Kaye Sweetser, assistant professor of public relations in the Grady College of Journalism and Mass Communication, teaches a class on social media and involves it in her method.
“I don’t think that technology in the classroom has to be limited to blogs, podcasts or any of the other cool sorts of buzzwords going around. The main thing with the social media is engaging students on their territory,” she said. “Rather than e-mail or WebCT, if they have RSS readers and they’re subscribing to other blogs on a daily basis, they could read or participate in a class blog.”
Broadly, “social media” refers to Web-based technology that allows readers to add and edit content. They’re also the online sites getting all the buzz: YouTube, Second Life, Wikipedia, Del.icio.us.
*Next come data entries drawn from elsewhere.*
Lemma y2_normal_form a : 10 <= a ->
  y2 a (phi a) (uh / a) ((4 * ln a + vh) / (2 * a)) =
  a * CC a * (2 * ln_div_sq a + vh / 2 * inv_sq a) - G_at a.
Proof. intros Ha. unfold y2, x2, ln_div_sq, inv_sq, G_at. field. lra. Qed.

Lemma y3_normal_form a : 10 <= a ->
  y3 a (phi a) (uh / a) ((4 * ln a + vh) / (2 * a)) =
  a * CC a * (Eplus a + Eminus a) / 2 * (Gp_scaled a * inv_sq a - 1) * cos (phase a)
  - (a * CC a * (a * CC a) * inv_sq a + Gp_scaled a) * (Eplus a - Eminus a) / 2 * sin (phase a).
Proof.
intros Ha. destruct (exp_A a Ha) as [X1 X2].
unfold y3, x3, sinh, cosh. rewrite X1, X2. unfold Gp_scaled, phase, inv_sq. field. lra.
Qed.

End Blowup.

Theorem proposition6p1 (uh vh : R) (phi : R -> R -> R)
  (Hphi : forall a : R, 0 < a -> is_phi a (phi a)) :
  is_lim (fun a => y1 a (phi a) (uh / a) ((4 * ln a + vh) / (2 * a))) p_infty
    (sin uh / 4 * exp (vh / 2)) /\
  is_lim (fun a => y2 a (phi a) (uh / a) ((4 * ln a + vh) / (2 * a))) p_infty 0 /\
  is_lim (fun a => y3 a (phi a) (uh / a) ((4 * ln a + vh) / (2 * a))) p_infty
    (- cos uh / 4 * exp (vh / 2)).
Proof.
pose proof (is_lim_phase uh phi Hphi). pose proof (is_lim_Gp_scaled uh phi Hphi).
pose proof (is_lim_G_at uh phi Hphi). pose proof (is_lim_Eplus uh vh phi Hphi).
pose proof (is_lim_Eminus uh vh phi Hphi).
pose proof is_lim_a_CC. pose proof is_lim_inv_sq. pose proof is_lim_ln_div_sq.
split; [|split]; eapply is_lim_ext_loc.
- exists 10. intros a Ha. symmetry. apply y1_normal_form. lra.
- eapply is_lim_eq_val; [lim_tac|]. rewrite sin_neg. field.
- exists 10. intros a Ha. symmetry. apply y2_normal_form. lra.
- eapply is_lim_eq_val; [lim_tac|]. ring.
- exists 10. intros a Ha. symmetry. apply y3_normal_form. lra.
- eapply is_lim_eq_val; [lim_tac|]. rewrite cos_neg. field.
Qed.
Every student at UGA has access to WebCT, an online bulletin board of class announcements assignments that professors can use to deliver and supplement class material. It provides options and information, but it’s built on a slow java-based server and is, well, a bit of a dinosaur. Besides, as Sweetser said, students are already using social media in droves.
Currently, the UGA network on Facebook claims more than 47,000 users, and nearly 13,000 are clustered in the Athens network. Students also are creating online groups, enabling classmates to send out mass messages to each other about study sessions, homework and which instructors they prefer.
Such was the case for Jose Buitrago, professor of landscape architecture, who stumbled upon a student-created fan club about himself. His students regularly share his in-class quips online, enabling students from different classes access to a public forum for discussion beyond class.
Another student-created Facebook group is an organizational tool built to help lobby the School of Public and International Affairs to open a class on political satire to non-Honors students. It’s all right there on the Internet, along with the friends lists and political ideologies of group members.
But even this load of information can be helpful, Sweetser said. The bad things about social media fill newsprint pages, but the virtues of easily accessible personal information remain hidden. As many users already know, what happens on MySpace rarely stays on MySpace. Sweetser uses the published political ideologies of her students to her advantage for group activities.
“One of the things I make them do is break up into teams and develop talking points on a certain topic. If it’s a political issue, I look them up on Facebook and see if they’ve listed their political ideology and make them argue for the opposite team,” she said.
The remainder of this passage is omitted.